Allow more than one image per request with --limit-mm-per-prompt '{"image": 4}'.

Benchmarking¶

Disable prefix caching for consistent measurements:

vllm serve LiquidAI/LFM2.5-8B-A1B \
  --no-enable-prefix-caching

vllm bench serve \
  --model LiquidAI/LFM2.5-8B-A1B \
  --dataset-name random \
  --random-input-len 1000 \
  --random-output-len 1000 \
  --request-rate 10000 \
  --num-prompts 64 \
  --ignore-eos

Speed-of-Light Tuning¶

The defaults are already strong for LFM2.5 — the model fits a single GPU (so tensor parallelism gives no speedup) and the standard serve path is well optimized. A few flags give a small extra gain:

Flag	Effect	Notes
`VLLM_USE_OINK_OPS=1`	~+2.6% on B200	Routes RMSNorm to the Blackwell `oink` kernels (bundled in the `vllm-openai` image); output identical. Auto-enabled on Blackwell by these recipes; inert (native fallback) elsewhere.
`--optimization-level 3`	~+2% (all GPUs)	More aggressive compilation. Trades a longer one-time startup/compile for steady-state throughput — opt-in.
`VLLM_USE_FASTOKENS=1`	lower TTFT on tokenization-bound loads	Swaps the HF fast-tokenizer Rust BPE backend for the `fastokens` shim (`pip install fastokens`). Helps high-QPS / long-prompt workloads; the gain is in tokenization latency, so it doesn't show up in steady-state decode throughput.

# -O3 (opt-in); on Blackwell, VLLM_USE_OINK_OPS=1 is applied for you by the recipe
vllm serve LiquidAI/LFM2.5-1.2B-Instruct --optimization-level 3

# tokenization-bound serving (after `pip install fastokens`)
VLLM_USE_FASTOKENS=1 vllm serve LiquidAI/LFM2.5-1.2B-Instruct

These knobs make little difference for single-GPU LFM2.5, but experiment if you like: VLLM_SSM_CONV_STATE_LAYOUT (SD vs DS), --mamba-backend (triton vs flashinfer), --mamba-cache-mode (none vs all), --mm-processor-cache-type (lru vs shm).

Coming: the Lfm2VL encoder CUDA graph (vllm-project/vllm#44930, ~10–20% lower e2e latency at low batch) is not in 0.23.0 — it will be added once it ships in a stable release.

Server Flags Reference¶

Flag	Description	When
`--reasoning-parser qwen3`	Split `<think>…</think>` into `reasoning_content`	8B-A1B, 1.2B-Thinking
`--tool-call-parser lfm2`	Surface Pythonic tool calls as `tool_calls`	tool-capable models
`--enable-auto-tool-choice`	Auto-detect tool calls in output	with `--tool-call-parser`
`--max-model-len N`	Cap context (up to 32K; 128K on 8B-A1B)	small GPUs / fixed workload
`--limit-mm-per-prompt '{"image": N}'`	Max images per request	VL models

Modal runs this recipe on cloud GPUs with a single command — no infrastructure to manage.
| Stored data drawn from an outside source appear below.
(* Let $\mathcal H$ be a Hilbert space, and let $a,b$ be operators on $\mathcal H$ together with a dense subspace $\mathcal D$ of $\mathcal H$ such that $a^\sharp\mathcal D\subseteq\mathcal D$ and $b^\sharp\mathcal D\subseteq\mathcal D$ (where $x^\sharp$ denotes $x$ or $x^\dagger$), and $abf-baf=f$ for all $f\in\mathcal D$. Assume there is a nonzero $\varphi_0\in\mathcal D$ with $a\varphi_0=0$, and set $\varphi_n=\frac{1}{\sqrt{n!}}b^n\varphi_0$, $n\ge 0$, and $\mathcal L_\varphi=\operatorname{span}\{\varphi_n:n\ge0\}$ (finite linear combinations). For $\gamma\in\mathbb C$ let $\sigma_1=e^{\gamma a}$ and $\sigma_2=e^{\gamma b}$ be defined as the series $\sigma_1 f=\sum_{k\ge0}\frac{(\gamma a)^k}{k!}f$ and $\sigma_2 f=\sum_{k\ge0}\frac{(\gamma b)^k}{k!}f$, with domain the set of vectors $f$ for which the series converges in $\mathcal H$. Then $D(\sigma_1)\supseteq\mathcal L_\varphi$. Moreover, if there exist $r_\varphi>0$ and $\alpha_\varphi\in[0,\tfrac12)$ with $\|\varphi_n\|\le r_\varphi^n(n!)^{\alpha_\varphi}$ for all $n\ge0$, then $D(\sigma_2)\supseteq\mathcal L_\varphi$.
   Context: Standard facts in this setting: $a\varphi_0=0$, $a\varphi_n=\sqrt n\,\varphi_{n-1}$ for $n\ge1$, $b\varphi_n=\sqrt{n+1}\,\varphi_{n+1}$, and all $\varphi_n\in\mathcal D$. *)

From HB Require Import structures.
From mathcomp Require Import all_boot all_order all_algebra.
From mathcomp Require Import all_classical all_reals all_analysis.
From mathcomp Require Import complex Rstruct Rstruct_topology.
Set Implicit Arguments. Unset Strict Implicit. Unset Printing Implicit Defensive.
Import Order.TTheory GRing.Theory Num.Theory.
Import numFieldNormedType.Exports.
Local Open Scope classical_set_scope.
Local Open Scope ring_scope.

Notation RR := Rdefinitions.R.
Notation CC := (complex Rdefinitions.R).

Section Hilbert.
Variable H : completeNormedModType CC.

(* ip is an inner product on H (linear in the 2nd argument, conjugate-linear
   in the first, physics convention) inducing the norm of H.  Together with
   completeness of H this makes H a (complex) Hilbert space. *)
Definition is_inner_product (ip : H -> H -> CC) : Prop :=
  [/\ (forall (x y z : H) (c : CC), ip x (c *: y + z) = c * ip x y + ip x z),
      (forall x y : H, ip y x = conjc (ip x y)) &
      (forall x : H, ip x x = `|x| ^+ 2)].

Definition lin_subspace (S : set H) : Prop :=
  S 0 /\ forall (c : CC) (x y : H), S x -> S y -> S (c *: x + y).

(* a (possibly unbounded) linear operator: a linear map a defined on the
   subspace S = D(a) (the values of the function a outside S are irrelevant) *)
Definition lin_op (S : set H) (a : H -> H) : Prop :=
  lin_subspace S /\
  forall (c : CC) (x y : H), S x -> S y -> a (c *: x + y) = c *: a x + a y.

Definition is_adjoint (ip : H -> H -> CC) (S : set H) (a : H -> H)
    (Sad : set H) (ad : H -> H) : Prop :=
  (forall g : H, Sad g <-> exists h : H, forall f, S f -> ip g (a f) = ip h f) /\
  (forall g f : H, Sad g -> S f -> ip g (a f) = ip (ad g) f).

Definition phi_vec (b : H -> H) (phi0 : H) (n : nat) : H :=
  (sqrtC (n`!%:R : CC))^-1 *: iter n b phi0.

Definition span_phi (b : H -> H) (phi0 : H) : set H :=
  [set f | exists (N : nat) (c : nat -> CC),
             f = \sum_(n < N) c n *: phi_vec b phi0 n].

Definition exp_dom (S : set H) (x : H -> H) (gamma : CC) : set H :=
  [set f | (forall k : nat, S (iter k (fun v => gamma *: x v) f)) /\
           cvgn (series (fun k : nat =>
                   (k`!%:R : CC)^-1 *: iter k (fun v => gamma *: x v) f))].

End Hilbert.

From HB Require Import structures.
From mathcomp Require Import all_boot all_order all_algebra.
From mathcomp Require Import all_classical all_reals all_analysis.
From mathcomp Require Import complex Rstruct Rstruct_topology.
From mathcomp Require Import ring lra zify.
Import Order.TTheory GRing.Theory Num.Theory.
Import numFieldNormedType.Exports.
Local Open Scope classical_set_scope.
Local Open Scope ring_scope.
Local Open Scope complex_scope.
Set Implicit Arguments. Unset Strict Implicit.

(* The commutation relation gives [a (b^(n+1) phi0) = (n+1) b^n phi0] on D, so
   (gamma a)^k annihilates phi_n as soon as k > n and the exponential series of
   e^(gamma a) is a finite sum on L_phi.  For e^(gamma b) the k-th term applied
   to phi_n is gamma^k sqrt((n+k)!/n!)/k! phi_(n+k); under the growth bound its
   norm is dominated by a real sequence whose ratio of consecutive terms is
   |gamma| r (n+k+1)^(1/2+alpha) / (k+1), which tends to 0 because alpha < 1/2.
   The ratio test and completeness of H give convergence, and linearity extends
   both statements from the phi_n to their span. *)

Section LinearOnSubspace.
Variables (H : completeNormedModType CC) (D : set H).
Hypothesis DS : lin_subspace D.

Lemma lin_subspace0 : D 0.
Proof. by case: DS. Qed.

Lemma lin_subspaceZ c x : D x -> D (c *: x).
Proof.
by move=> Dx; rewrite -[_ *: _]addr0; apply: DS.2 => //; exact: lin_subspace0.
Qed.

Lemma lin_subspaceD x y : D x -> D y -> D (x + y).
Proof. by move=> Dx Dy; rewrite -[x]scale1r; apply: DS.2. Qed.

Lemma lin_subspace_sum N (c : nat -> CC) (x : nat -> H) :
  (forall i, D (x i)) -> D (\sum_(i < N) c i *: x i).
Proof.
move=> Dx; elim: N => [|N IH]; first by rewrite big_ord0; exact: lin_subspace0.
by rewrite big_ord_recr /=; apply: lin_subspaceD => //; exact: lin_subspaceZ.
Qed.

Definition lin_endo (L : H -> H) : Prop :=
  (forall x, D x -> D (L x)) /\
  (forall (c : CC) x y, D x -> D y -> L (c *: x + y) = c *: L x + L y).

Lemma lin_op_endo S a :
  lin_op S a -> (forall f, D f -> S f /\ D (a f)) -> lin_endo a.
Proof.
move=> [_ aL] Da; split=> [x /Da[]//|c x y Dx Dy].
by apply: aL; [exact: (Da x Dx).1 | exact: (Da y Dy).1].
Qed.

Section LinearEndo.
Variable L : H -> H.
Hypothesis LD : lin_endo L.

Lemma lin_endo0 : L 0 = 0.
Proof.
have := LD.2 1 0 0 lin_subspace0 lin_subspace0.
by rewrite !scale1r !addr0 => /esym/eqP; rewrite -subr_eq0 addrK => /eqP.
Qed.

Lemma lin_endoZ c x : D x -> L (c *: x) = c *: L x.
Proof.
by move=> Dx; have := LD.2 c x 0 Dx lin_subspace0; rewrite !addr0 lin_endo0 addr0.
Qed.

Lemma lin_endo_sum N (c : nat -> CC) (x : nat -> H) :
  (forall i, D (x i)) -> L (\sum_(i < N) c i *: x i) = \sum_(i < N) c i *: L (x i).
Proof.
move=> Dx; elim: N => [|N IH]; first by rewrite !big_ord0 lin_endo0.
rewrite !big_ord_recr /= addrC LD.2 ?IH 1?addrC //; exact: lin_subspace_sum.
Qed.

End LinearEndo.

Lemma lin_endo_iter L k : lin_endo L -> lin_endo (iter k L).
Proof.
move=> LD; elim: k => [|k [IHD IHL]] //=.
split=> [x Dx|c x y Dx Dy]; first by rewrite iterS; exact: LD.1 (IHD _ Dx).
by rewrite !iterS IHL // LD.2 //; apply: IHD.
Qed.

Lemma lin_endo_scale L (g : CC) : lin_endo L -> lin_endo (fun v => g *: L v).
Proof.
move=> LD; split=> [x Dx|c x y Dx Dy]; first by apply: lin_subspaceZ; exact: LD.1.
by rewrite LD.2 // scalerDr !scalerA mulrC.
Qed.

Definition exp_series_term (L : H -> H) (g : CC) (f : H) : H ^nat :=
  fun k => (k`!%:R : CC)^-1 *: iter k (fun v => g *: L v) f.

Lemma exp_dom_cvg S L (g : CC) f :
  D `<=` S -> lin_endo L -> D f ->
  cvgn (series (exp_series_term L g f)) -> exp_dom S L g f.
Proof.
move=> DsubS LD Df cvg; split=> // k; apply: DsubS.
exact: (lin_endo_iter k (lin_endo_scale g LD)).1.
Qed.

End LinearOnSubspace.

Section Creator.
Variables (H : completeNormedModType CC) (D : set H) (b : H -> H) (phi0 : H).
Hypotheses (DS : lin_subspace D) (bD : lin_endo D b) (Dphi0 : D phi0).

Lemma D_iter_creator n : D (iter n b phi0).
Proof. exact: (lin_endo_iter n bD).1. Qed.

Lemma D_phi_vec n : D (phi_vec b phi0 n).
Proof. exact: lin_subspaceZ (D_iter_creator n). Qed.

Lemma span_phi_sub : span_phi b phi0 `<=` D.
Proof. by move=> _ [N [c ->]]; apply: (lin_subspace_sum DS); exact: D_phi_vec. Qed.

Lemma iter_creator_phi_vec n :
  iter n b phi0 = sqrtC (n`!%:R) *: phi_vec b phi0 n.
Proof.
by rewrite /phi_vec scalerA mulfV ?scale1r // sqrtC_eq0 pnatr_eq0 -lt0n fact_gt0.
Qed.

Lemma iter_scale_creator (g : CC) k n :
  iter k (fun v => g *: b v) (iter n b phi0) = g ^+ k *: iter (k + n) b phi0.
Proof.
elim: k => [|k IH]; first by rewrite scale1r.
by rewrite iterS /= IH (lin_endoZ DS bD _ (D_iter_creator _)) scalerA -exprS.
Qed.

End Creator.

Section Annihilator.
Variables (H : completeNormedModType CC) (D : set H) (a b : H -> H) (phi0 : H).
Hypotheses (DS : lin_subspace D) (aD : lin_endo D a) (bD : lin_endo D b).
Hypothesis ccr : forall f, D f -> a (b f) - b (a f) = f.
Hypotheses (Dphi0 : D phi0) (vacuum : a phi0 = 0).

Lemma annihilator_creator n : a (iter n.+1 b phi0) = n.+1%:R *: iter n b phi0.
Proof.
have abE f : D f -> a (b f) = f + b (a f).
  by move=> Df; apply/eqP; rewrite -subr_eq ccr.
elim: n => [|n IH]; first by rewrite /= abE // vacuum (lin_endo0 DS bD) addr0 scale1r.
rewrite iterS abE ?IH ?(lin_endoZ DS bD _ (D_iter_creator bD Dphi0 _)) -?iterS;
  last exact: D_iter_creator.
by rewrite [in RHS]mulrS scalerDl scale1r.
Qed.

Lemma iter_annihilator_creator_eq0 (g : CC) n k : (n < k)%N ->
  iter k (fun v => g *: a v) (iter n b phi0) = 0.
Proof.
have AD k' := lin_endo_iter k' (lin_endo_scale DS g aD).
elim: n k => [|n IH] [|k] // ltnk; rewrite iterSr /=.
  by rewrite vacuum scaler0 (lin_endo0 DS (AD k)).
rewrite annihilator_creator scalerA.
by rewrite (lin_endoZ DS (AD k) _ (D_iter_creator bD Dphi0 _)) IH ?scaler0.
Qed.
The deployment script is lfm25-modal.py in this directory: it serves an LFM2.5 model with vLLM behind an OpenAI-compatible endpoint, with the model and GPU selectable via environment variables.

Deploy¶

pip install modal
modal setup                  # one-time: authenticate with Modal
modal deploy lfm25-modal.py  # serves LiquidAI/LFM2.5-1.2B-Instruct on an L4 by default

Test¶

modal run lfm25-modal.py

Pick a model / GPU¶

MODEL=LiquidAI/LFM2.5-8B-A1B GPU=H100 modal run lfm25-modal.py

LFM2.5's small footprint means even a budget GPU is plenty — the 1.2B dense checkpoint runs across NVIDIA T4, L4, A10G, L40S, A100 (40/80 GB), H100, H200, and B200; the 8B-A1B MoE and the VL models run on H100, H200, and B200. Size up to a 24 GB+ GPU (L4 / A10G or larger) for the 8B-A1B MoE, which keeps all ~8B of experts resident in VRAM.